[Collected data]

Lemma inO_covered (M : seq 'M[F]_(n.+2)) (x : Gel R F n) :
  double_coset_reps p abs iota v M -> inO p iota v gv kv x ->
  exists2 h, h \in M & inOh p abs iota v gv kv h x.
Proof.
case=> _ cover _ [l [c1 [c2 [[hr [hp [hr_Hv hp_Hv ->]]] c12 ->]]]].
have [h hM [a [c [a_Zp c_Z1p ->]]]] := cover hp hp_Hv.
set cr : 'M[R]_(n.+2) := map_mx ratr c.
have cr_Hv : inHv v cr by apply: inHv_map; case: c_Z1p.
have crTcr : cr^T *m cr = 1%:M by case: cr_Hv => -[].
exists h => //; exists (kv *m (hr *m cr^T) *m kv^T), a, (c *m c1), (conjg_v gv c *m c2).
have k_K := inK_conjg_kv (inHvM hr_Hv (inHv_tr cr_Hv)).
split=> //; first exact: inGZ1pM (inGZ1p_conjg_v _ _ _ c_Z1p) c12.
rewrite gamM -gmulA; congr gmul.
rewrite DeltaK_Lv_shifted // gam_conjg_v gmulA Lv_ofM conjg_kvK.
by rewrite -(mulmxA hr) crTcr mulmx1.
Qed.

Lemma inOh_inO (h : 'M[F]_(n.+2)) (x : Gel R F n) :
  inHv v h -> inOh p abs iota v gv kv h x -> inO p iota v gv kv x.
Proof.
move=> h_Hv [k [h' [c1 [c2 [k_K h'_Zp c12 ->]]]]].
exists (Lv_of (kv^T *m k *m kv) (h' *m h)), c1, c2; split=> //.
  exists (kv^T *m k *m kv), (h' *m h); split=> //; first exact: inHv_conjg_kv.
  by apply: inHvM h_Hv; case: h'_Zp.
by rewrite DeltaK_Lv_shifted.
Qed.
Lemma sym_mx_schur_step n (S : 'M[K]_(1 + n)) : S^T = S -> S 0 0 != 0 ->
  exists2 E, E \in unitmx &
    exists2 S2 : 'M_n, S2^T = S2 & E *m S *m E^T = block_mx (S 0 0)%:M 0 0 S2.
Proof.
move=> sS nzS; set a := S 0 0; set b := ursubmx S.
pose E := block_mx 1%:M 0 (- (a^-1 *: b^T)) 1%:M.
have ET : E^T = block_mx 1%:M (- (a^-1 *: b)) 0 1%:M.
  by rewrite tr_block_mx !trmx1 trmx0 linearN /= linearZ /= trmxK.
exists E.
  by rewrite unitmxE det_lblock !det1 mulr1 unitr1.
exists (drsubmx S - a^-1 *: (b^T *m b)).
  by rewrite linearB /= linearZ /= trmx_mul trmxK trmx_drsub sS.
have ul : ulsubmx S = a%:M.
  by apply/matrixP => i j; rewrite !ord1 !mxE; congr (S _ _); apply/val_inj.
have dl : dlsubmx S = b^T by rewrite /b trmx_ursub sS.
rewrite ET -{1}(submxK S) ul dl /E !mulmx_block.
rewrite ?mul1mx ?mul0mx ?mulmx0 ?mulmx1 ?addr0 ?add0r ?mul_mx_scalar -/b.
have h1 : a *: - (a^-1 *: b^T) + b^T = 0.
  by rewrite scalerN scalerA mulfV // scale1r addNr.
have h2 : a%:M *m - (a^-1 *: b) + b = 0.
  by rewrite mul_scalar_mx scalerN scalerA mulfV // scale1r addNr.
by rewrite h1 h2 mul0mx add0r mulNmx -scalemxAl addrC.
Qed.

==

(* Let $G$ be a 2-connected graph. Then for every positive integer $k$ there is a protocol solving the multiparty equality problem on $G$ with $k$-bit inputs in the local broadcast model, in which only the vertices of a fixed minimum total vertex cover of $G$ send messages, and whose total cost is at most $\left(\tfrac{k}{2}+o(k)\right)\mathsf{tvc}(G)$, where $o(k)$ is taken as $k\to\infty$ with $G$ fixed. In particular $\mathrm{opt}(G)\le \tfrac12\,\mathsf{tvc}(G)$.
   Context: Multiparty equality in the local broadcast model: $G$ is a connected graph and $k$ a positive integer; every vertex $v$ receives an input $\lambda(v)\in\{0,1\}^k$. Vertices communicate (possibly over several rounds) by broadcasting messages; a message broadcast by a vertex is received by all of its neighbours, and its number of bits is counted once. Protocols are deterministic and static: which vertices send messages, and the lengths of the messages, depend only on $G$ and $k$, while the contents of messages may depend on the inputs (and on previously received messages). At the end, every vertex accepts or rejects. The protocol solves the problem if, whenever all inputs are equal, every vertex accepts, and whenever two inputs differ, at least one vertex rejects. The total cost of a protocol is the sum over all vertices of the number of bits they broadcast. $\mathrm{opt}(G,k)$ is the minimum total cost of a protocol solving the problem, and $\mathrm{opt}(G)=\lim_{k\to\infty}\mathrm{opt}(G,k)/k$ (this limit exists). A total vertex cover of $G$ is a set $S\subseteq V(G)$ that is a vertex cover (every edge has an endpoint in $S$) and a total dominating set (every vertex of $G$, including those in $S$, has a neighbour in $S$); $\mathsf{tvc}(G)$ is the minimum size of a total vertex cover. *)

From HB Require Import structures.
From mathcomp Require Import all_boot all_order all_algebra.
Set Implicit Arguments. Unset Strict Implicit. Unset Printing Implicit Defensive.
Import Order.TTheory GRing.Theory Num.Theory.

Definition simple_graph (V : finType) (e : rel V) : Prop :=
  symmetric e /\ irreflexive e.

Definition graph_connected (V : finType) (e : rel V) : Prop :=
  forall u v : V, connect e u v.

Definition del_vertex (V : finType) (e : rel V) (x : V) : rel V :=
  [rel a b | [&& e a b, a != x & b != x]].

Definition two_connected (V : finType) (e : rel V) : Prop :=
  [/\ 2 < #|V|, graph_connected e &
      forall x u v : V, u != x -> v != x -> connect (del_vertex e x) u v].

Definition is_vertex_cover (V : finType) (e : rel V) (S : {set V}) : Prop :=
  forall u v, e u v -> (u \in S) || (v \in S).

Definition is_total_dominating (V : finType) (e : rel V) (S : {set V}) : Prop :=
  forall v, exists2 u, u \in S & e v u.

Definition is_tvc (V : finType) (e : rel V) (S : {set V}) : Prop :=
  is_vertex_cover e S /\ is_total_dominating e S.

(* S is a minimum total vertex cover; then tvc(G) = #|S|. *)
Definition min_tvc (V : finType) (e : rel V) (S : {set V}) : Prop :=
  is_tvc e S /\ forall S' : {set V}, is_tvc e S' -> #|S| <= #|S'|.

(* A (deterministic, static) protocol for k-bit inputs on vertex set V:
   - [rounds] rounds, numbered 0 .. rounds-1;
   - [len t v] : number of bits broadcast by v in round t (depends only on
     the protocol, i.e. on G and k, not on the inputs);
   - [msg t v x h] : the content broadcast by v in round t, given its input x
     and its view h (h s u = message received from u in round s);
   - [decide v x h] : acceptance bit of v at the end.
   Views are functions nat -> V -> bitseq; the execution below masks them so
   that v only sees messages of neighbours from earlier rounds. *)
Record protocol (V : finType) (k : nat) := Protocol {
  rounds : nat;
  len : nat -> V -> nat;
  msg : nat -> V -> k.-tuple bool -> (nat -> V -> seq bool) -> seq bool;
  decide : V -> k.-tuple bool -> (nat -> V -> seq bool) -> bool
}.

### REQUIRED ACTION
What lines of the data include the word "Definition"? Copy each of them.

### TASK ANSWER
Definition simple_graph (V : finType) (e : rel V) : Prop :=
Definition graph_connected (V : finType) (e : rel V) : Prop :=
Definition del_vertex (V : finType) (e : rel V) (x : V) : rel V :=
Definition two_connected (V : finType) (e : rel V) : Prop :=
Definition is_vertex_cover (V : finType) (e : rel V) (S : {set V}) : Prop :=
Definition is_total_dominating (V : finType) (e : rel V) (S : {set V}) : Prop :=
Definition is_tvc (V : finType) (e : rel V) (S : {set V}) : Prop :=
Definition min_tvc (V : finType) (e : rel V) (S : {set V}) : Prop :=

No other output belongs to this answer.